OBJECT OF THE INVENTION

The present invention relates to a rotary engine of split cycle, which has the particularity that its counterweights have a special configuration that allow both to act as an element or stabilizing elements of the motor, as a compressor element intended to provide air flow or oxidizer that enters the engine chambers, either directly, or through a reservoir of compressed air, in addition to generating electrical energy.

The object of the invention is to provide a split-cycle rotary engine with a smaller number of engine parts, in which the operating times are divided into different chambers, allowing different operating modes, all with high performance, without Need for large cubic capacity.

BACKGROUND OF THE INVENTION

In the practical scope of the invention, a wide variety of rotary engines are known, such as WO 9534749, in which a rotary motor with axial intake and exhaust is described, in which its pistons perform counter movements within of a circular explosion chamber, so that the admission of gases is produced by synchronizing the pistons with discs that open and close the corresponding ports, this process being considered equivalent to an "atmospheric" intake of an internal combustion engine traditional.

Consequently, the performance of this type of engines is significantly limited compared to supercharged engines.

Although different types of mechanisms are known to carry out this type of

supercharging, either through expelled exhaust gases (turbochargers),

or by means of mechanical elements (compressors) driven by the transmission of the engine, these types of elements constitute independent elements of the engine, with this single function, so that, they do not allow to combine several functions in the same element, simplifying the structure of the engine, and consequently improving it.
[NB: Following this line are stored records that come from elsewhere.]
Lemma admissible_restrict (A B : {set T}) (Q : {set {set T}}) : [disjoint A & B] ->
    Q = (Q ::&: A) :|: (Q ::&: B) ->
  admissible (A :|: B) Q -> admissible A (Q ::&: A).
Proof.
move=> dAB defQ admQ; have /and5P[tQ Q0 _ /implyP covQ /forall_inP aQ] := admQ.
have sQA : Q ::&: A \subset Q by rewrite -setI_powerset subsetIl.
apply/and5P; split.
- exact: trivIsetI.
- by apply: contra Q0; apply: (subsetP sQA).
- by apply: subset_trans (cover_setI Q A) (subsetIr _ _).
- apply/implyP=> /covQ /eqP covAB.
  rewrite eqEsubset (subset_trans (cover_setI Q A)) ?subsetIr //=.
  apply/subsetP=> t tA; have : t \in cover Q by rewrite covAB inE tA.
  case/bigcupP=> C CQ tC; apply/bigcupP; exists C => //.
  move: CQ; rewrite {1}defQ => /setUP[//|].
  by rewrite inE => /andP[_ /subsetP/(_ t tC)]; rewrite (disjointFr dAB tA).
- by apply/forall_inP=> C /(subsetP sQA); apply: aQ.
Qed.

Lemma admissibleU (A B : {set T}) (Q1 Q2 : {set {set T}}) : [disjoint A & B] ->
  admissible A Q1 -> admissible B Q2 -> admissible (A :|: B) (Q1 :|: Q2).
Proof.
move=> dAB adm1 adm2.
have /and5P[tQ1 Q10 sQ1 /implyP cQ1 /forall_inP aQ1] := adm1.
have /and5P[tQ2 Q20 sQ2 /implyP cQ2 /forall_inP aQ2] := adm2.
have covU : cover (Q1 :|: Q2) = cover Q1 :|: cover Q2 by rewrite /cover bigcup_setU.
apply/and5P; split.
- by apply: trivIsetU => //; apply: disjointW dAB.
- by rewrite inE negb_or Q10.
- by rewrite covU setUSS.
- by apply/implyP=> fu; rewrite covU (eqP (cQ1 fu)) (eqP (cQ2 fu)).
- by apply/forall_inP=> C /setUP[/aQ1|/aQ2].
Qed.

Lemma restrict_admissibleU (A B : {set T}) (Q1 Q2 : {set {set T}}) : [disjoint A & B] ->
  admissible A Q1 -> admissible B Q2 -> (Q1 :|: Q2) ::&: A = Q1.
Proof.
move=> dAB adm1 adm2; apply/setP=> C; rewrite !inE.
case C1: (C \in Q1); first by rewrite (admissibleS adm1 C1).
apply/andP=> -[C2 sCA]; have /set0Pn[t tC] := admissible_neq0 adm2 C2.
have sCB := admissibleS adm2 C2.
by have := subsetP sCB t tC; rewrite (disjointFr dAB (subsetP sCA t tC)).
Qed.

Lemma card_admissibleU (A B : {set T}) : [disjoint A & B] ->
    (forall C, allowed C -> C != set0 -> C \subset A :|: B ->
       (C \subset A) || (C \subset B)) ->
  #|adm (A :|: B)| = #|adm A| * #|adm B|.
Proof.
move=> dAB splitAB; have dBA : [disjoint B & A] by rewrite disjoint_sym.
have QE Q : admissible (A :|: B) Q -> Q = (Q ::&: A) :|: (Q ::&: B).
  move=> admQ; apply/setP=> C; rewrite !inE -andb_orr; apply/esym/andb_idr => CQ.
  have /and5P[_ _ _ _ /forall_inP aQ] := admQ.
  apply: splitAB; first exact: aQ.
    exact: admissible_neq0 admQ CQ.
  exact: admissibleS admQ CQ.
have admE : adm (A :|: B) = [set QQ.1 :|: QQ.2 | QQ in setX (adm A) (adm B)].
  apply/setP=> Q; rewrite inE; apply/idP/imsetP=> [admQ|[[Q1 Q2]]].
    exists (Q ::&: A, Q ::&: B); last exact: QE.
    have admQ' : admissible (B :|: A) Q by rewrite setUC.
    rewrite !inE (admissible_restrict dAB (QE Q admQ) admQ) /=.
    by rewrite (admissible_restrict dBA _ admQ') // setUC -QE.
  by rewrite !inE /= => /andP[adm1 adm2] ->; apply: admissibleU.
rewrite admE card_in_imset ?cardsX //.
move=> [Q1 Q2] [Q1' Q2']; rewrite !inE /= => /andP[adm1 adm2] /andP[adm1' adm2'] eqQ.
congr pair.
  have <- := restrict_admissibleU dAB adm1 adm2.
  by rewrite eqQ (restrict_admissibleU dAB adm1' adm2').
have <- := restrict_admissibleU dBA adm2 adm1.
by rewrite setUC eqQ setUC (restrict_admissibleU dBA adm2' adm1').
Qed.

Lemma admissible0E : adm set0 = [set set0].
Proof.
apply/setP=> Q; rewrite !inE; apply/idP/eqP=> [admQ|->].
  apply/setP=> C; rewrite inE; apply/negbTE/negP=> CQ.
  by have := admissible_neq0 admQ CQ; rewrite -subset0 (admissibleS admQ CQ).
rewrite /admissible /trivIset /cover !big_set0 cards0 inE sub0set !eqxx implybT.
by apply/forall_inP => C; rewrite inE.
Qed.

Lemma card_admissible_cover (Pi : {set {set T}}) : trivIset Pi ->
    (forall C, allowed C -> C != set0 -> C \subset cover Pi ->
       exists2 O, O \in Pi & C \subset O) ->
  #|adm (cover Pi)| = \prod_(O in Pi) #|adm O|.
Proof.
elim: {Pi}_.+1 {-2}Pi (ltnSn #|Pi|) => // n IHn Pi.
have [-> _ _ _|[O OPi] ltPi tPi PiC] := set_0Vmem Pi.
  by rewrite big_set0 /cover big_set0 admissible0E cards1.
have covPi : cover Pi = O :|: cover (Pi :\ O) by rewrite /cover (big_setD1 O).
have dO : [disjoint O & cover (Pi :\ O)].
  by rewrite coverD1 // disjoint_sym disjoints_subset setDE subsetIr.
have IH : #|adm (cover (Pi :\ O))| = \prod_(O' in Pi :\ O) #|adm O'|.
  apply: IHn; first by rewrite -ltnS (leq_trans _ ltPi) // (cardsD1 O Pi) OPi.
    exact: trivIsetD.
  move=> C aC C0 sC; have sCPi : C \subset cover Pi by rewrite covPi subsetU ?sC ?orbT.
  have [O' O'Pi sCO'] := PiC C aC C0 sCPi.
  exists O' => //; rewrite !inE O'Pi andbT; apply: contraNneq C0 => eqO'.
  rewrite -subset0 -(setIid C); move: dO; rewrite -setI_eq0 => /eqP <-.
  by rewrite setISS // -eqO'.
rewrite (big_setD1 O) //= -IH covPi card_admissibleU // => C aC C0 sC.
have [O' O'Pi sCO'] : exists2 O', O' \in Pi & C \subset O' by apply: PiC; rewrite ?covPi.
have [<-|neqO] := eqVneq O' O; first by rewrite sCO'.
by rewrite orbC (subset_trans sCO') //; apply: bigcup_sup; rewrite !inE neqO.
Qed.

Definition discrete (S : {set T}) : {set {set T}} := [set [set t] | t in S].

Local Notation adm_discrete S :=
  [set Q : {set {set T}} | (Q \subset discrete S) && admissible S Q].

Lemma set1_neq0 (t : T) : [set t] != set0.
Proof. by apply/set0Pn; exists t; rewrite set11. Qed.

Lemma admissible_discrete (S : {set T}) (Q : {set {set T}}) :
    {in S, forall t, allowed [set t]} -> Q \subset discrete S ->
  admissible S Q = (full ==> (Q == discrete S)).
Proof.
move=> aS sQ; have sQS C : C \in Q -> exists2 t, t \in S & C = [set t].
  by move/(subsetP sQ)/imsetP.
have tQ : trivIset Q.
  apply: trivIsetS sQ _; apply/trivIsetP=> _ _ /imsetP[t _ ->] /imsetP[u _ ->] ntu.
  by rewrite disjoints1 inE; apply: contraNneq ntu => ->.
have Q0 : set0 \notin Q.
  by apply/negP=> /sQS[t _ /esym/eqP]; rewrite (negbTE (set1_neq0 t)).
have covQ : cover Q \subset S by apply/bigcupsP=> C /sQS[t tS ->]; rewrite sub1set.
have aQ : [forall C in Q, allowed C] by apply/forall_inP=> C /sQS[t tS ->]; apply: aS.
rewrite /admissible tQ Q0 covQ aQ andbT; congr (full ==> _).
apply/eqP/eqP=> [covS|->]; last first.
  apply/setP=> t; rewrite cover_imset; apply/bigcupP/idP=> [[u uS /set1P->]|tS] //.
  by exists t; rewrite ?set11.
apply/eqP; rewrite eqEsubset sQ; apply/subsetP=> _ /imsetP[t tS ->].
move: tS; rewrite -covS => /bigcupP[C CQ tC].
by have [u _ defC] := sQS C CQ; move: tC; rewrite defC => /set1P ->; rewrite -defC.
Qed.

Lemma card_admissible_discrete (S : {set T}) : {in S, forall t, allowed [set t]} ->
  #|adm_discrete S| = if full then 1 else 2 ^ #|S|.
Proof.
move=> aS; have -> : adm_discrete S =
    if full then [set discrete S] else powerset (discrete S).
  apply/setP=> Q; rewrite inE; have [sQ|nsQ] /= := boolP (Q \subset _).
    by rewrite admissible_discrete //; case: full; rewrite !inE ?powersetE.
  case: full; rewrite !inE ?powersetE ?(negbTE nsQ) //.
  by apply/esym/negbTE; apply: contraNneq nsQ => ->.
by case: full => /=; rewrite ?cards1 // card_powerset card_imset //; apply: set1_inj.
Qed.

Lemma card_admissible1 x : allowed [set x] -> #|adm [set x]| = if full then 1 else 2.
Proof.
move=> ax; suff -> : adm [set x] = adm_discrete [set x].
  by rewrite card_admissible_discrete ?cards1 // => t /set1P->.
apply/setP=> Q; rewrite !inE; apply/esym/andb_idl=> admQ; apply/subsetP=> C CQ.
have := admissibleS admQ CQ; rewrite subset1 (negbTE (admissible_neq0 admQ CQ)) orbF.
by move/eqP->; rewrite /discrete imset_set1 set11.
Qed.

Lemma mem_discrete_small (S C : {set T}) :
  #|S| <= 2 -> C \subset S -> C != set0 -> C != S -> C \in discrete S.
Proof.
move=> S2 sCS C0 nCS; have : #|C| < #|S|.
  by rewrite ltnNge; apply: contra nCS => leSC; rewrite eqEcard sCS leSC.
move=> /leq_trans/(_ S2); rewrite ltnS leq_eqVlt ltnS leqn0 cards_eq0 (negbTE C0) orbF.
by case/cards1P=> t defC; apply/imsetP; exists t; rewrite // -sub1set -defC.
Qed.

Lemma card_admissible2 x y : x != y ->
    allowed [set x] -> allowed [set y] -> allowed [set x; y] ->
  #|adm [set x; y]| = if full then 2 else 5.
Proof.
move=> nxy ax ay axy; set S := [set x; y].
have S0 : S != set0 by apply/set0Pn; exists x; rewrite set21.
have S2 : #|S| = 2 by rewrite cards2 nxy.
have SD : S \notin discrete S.
  by apply/imsetP=> -[t _ eqS]; move: S2; rewrite eqS cards1.
suff -> : adm S = [set S] |: adm_discrete S.
  rewrite cardsU1 card_admissible_discrete ?S2; last by move=> t /set2P[]->.
  by rewrite inE sub1set (negbTE SD); case: full.
apply/setP=> Q; rewrite !inE; apply/idP/idP=> [admQ|/orP[/eqP->|/andP[//]]].
  have /and5P[tQ _ _ _ _] := admQ.
  apply/orP; have [SQ|nSQ] := boolP (S \in Q); [left|right; rewrite admQ andbT].
    rewrite eqEsubset sub1set SQ andbT; apply/subsetP=> C CQ; rewrite inE.
    apply: contraTT (admissible_neq0 admQ CQ) => nCS; rewrite negbK -subset0.
    have := trivIsetP tQ C S CQ SQ nCS; rewrite disjoints_subset => sCS.
    by rewrite -(setICr S) subsetI (admissibleS admQ CQ).
  apply/subsetP=> C CQ; apply: mem_discrete_small; rewrite ?S2 ?(admissibleS admQ CQ) //.
    exact: admissible_neq0 admQ CQ.
  by apply: contraNneq nSQ => <-.
rewrite /admissible trivIset1 inE eq_sym (negbTE S0) cover1 subxx eqxx implybT /=.
by apply/forall_inP=> C /set1P->.
Qed.

End Admissible.

Section TwinOrbits.
Variables (T : finType) (sigma : T -> T) (D : {set T}).
Hypothesis sigmaD : {in D, forall x, sigma x \in D}.
Hypothesis sigmaK : {in D, involutive sigma}.

Definition twin_orbits : {set {set T}} := [set [set x; sigma x] | x in D].

Definition twin_block (C : {set T}) : bool :=
  atomic C || [exists x, C == [set x; sigma x]].

Lemma eq_twin_orbit x t : x \in D -> t \in [set x; sigma x] ->
  [set t; sigma t] = [set x; sigma x].
Proof. by move=> xD /set2P[]->; rewrite // sigmaK // setUC. Qed.

Lemma twin_orbits_partition : partition twin_orbits D.
Proof.
apply/and3P; split.
- rewrite cover_imset; apply/eqP/setP=> t; apply/bigcupP/idP=> [[x xD /set2P[]->]|tD].
  + by [].
  + exact: sigmaD.
  + by exists t; rewrite ?set21.
- apply/trivIsetP=> _ _ /imsetP[x xD ->] /imsetP[y yD ->].
  apply: contraR; rewrite -setI_eq0 => /set0Pn[t /setIP[tx ty]].
  by rewrite -(eq_twin_orbit xD tx) (eq_twin_orbit yD ty).
- by apply/imsetP=> -[x _ /esym/eqP]; apply/negP/set0Pn; exists x; rewrite set21.
Qed.

Lemma twin_orbit_card1 x : (#|[set x; sigma x]| == 1) = (sigma x == x).
Proof. by rewrite cards2 eqSS eqb0 negbK eq_sym. Qed.

Lemma twin_orbit_card O : O \in twin_orbits -> (#|O| == 2) = ~~ (#|O| == 1).
Proof. by case/imsetP=> x _ ->; rewrite cards2; case: (x != sigma x). Qed.

Lemma twin_block_sub (C : {set T}) : twin_block C -> C != set0 -> C \subset D ->
  exists2 O, O \in twin_orbits & C \subset O.
Proof.
move=> /orP[/cards1P[x ->]|/existsP[x /eqP ->]] _ sCD.
  by exists [set x; sigma x]; [apply: imset_f; rewrite -sub1set | rewrite sub1set set21].
by exists [set x; sigma x]; first by apply: imset_f; rewrite (subsetP sCD) ?set21.
Qed.

Lemma twin_orbit_block (O C : {set T}) : O \in twin_orbits -> C \subset O -> C != set0 ->
  twin_block C.
Proof.
case/imsetP=> x _ -> sC C0; have [->|nCO] := eqVneq C [set x; sigma x].
  by apply/orP; right; apply/existsP; exists x.
have O2 : #|[set x; sigma x]| <= 2 by rewrite cards2 ltnS leq_b1.
have /imsetP[t _ ->] := mem_discrete_small O2 sC C0 nCO.
by rewrite /twin_block /atomic cards1.
Qed.

Local Notation orbits1 := [set O in twin_orbits | #|O| == 1].
Local Notation orbits2 := [set O in twin_orbits | #|O| == 2].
While it is true that in British patent GB 943693 a rotary motor is described in which a fan that acts as a flywheel is established, to which weights can be applied to balance the eccentric and the rotor, said element has as its main purpose Cooling the engine, so that it does not control or regulate the entry and exit of gases that enter the chambers of said engine, and the use of and filling from this element of one or more compressed air tanks is not foreseen.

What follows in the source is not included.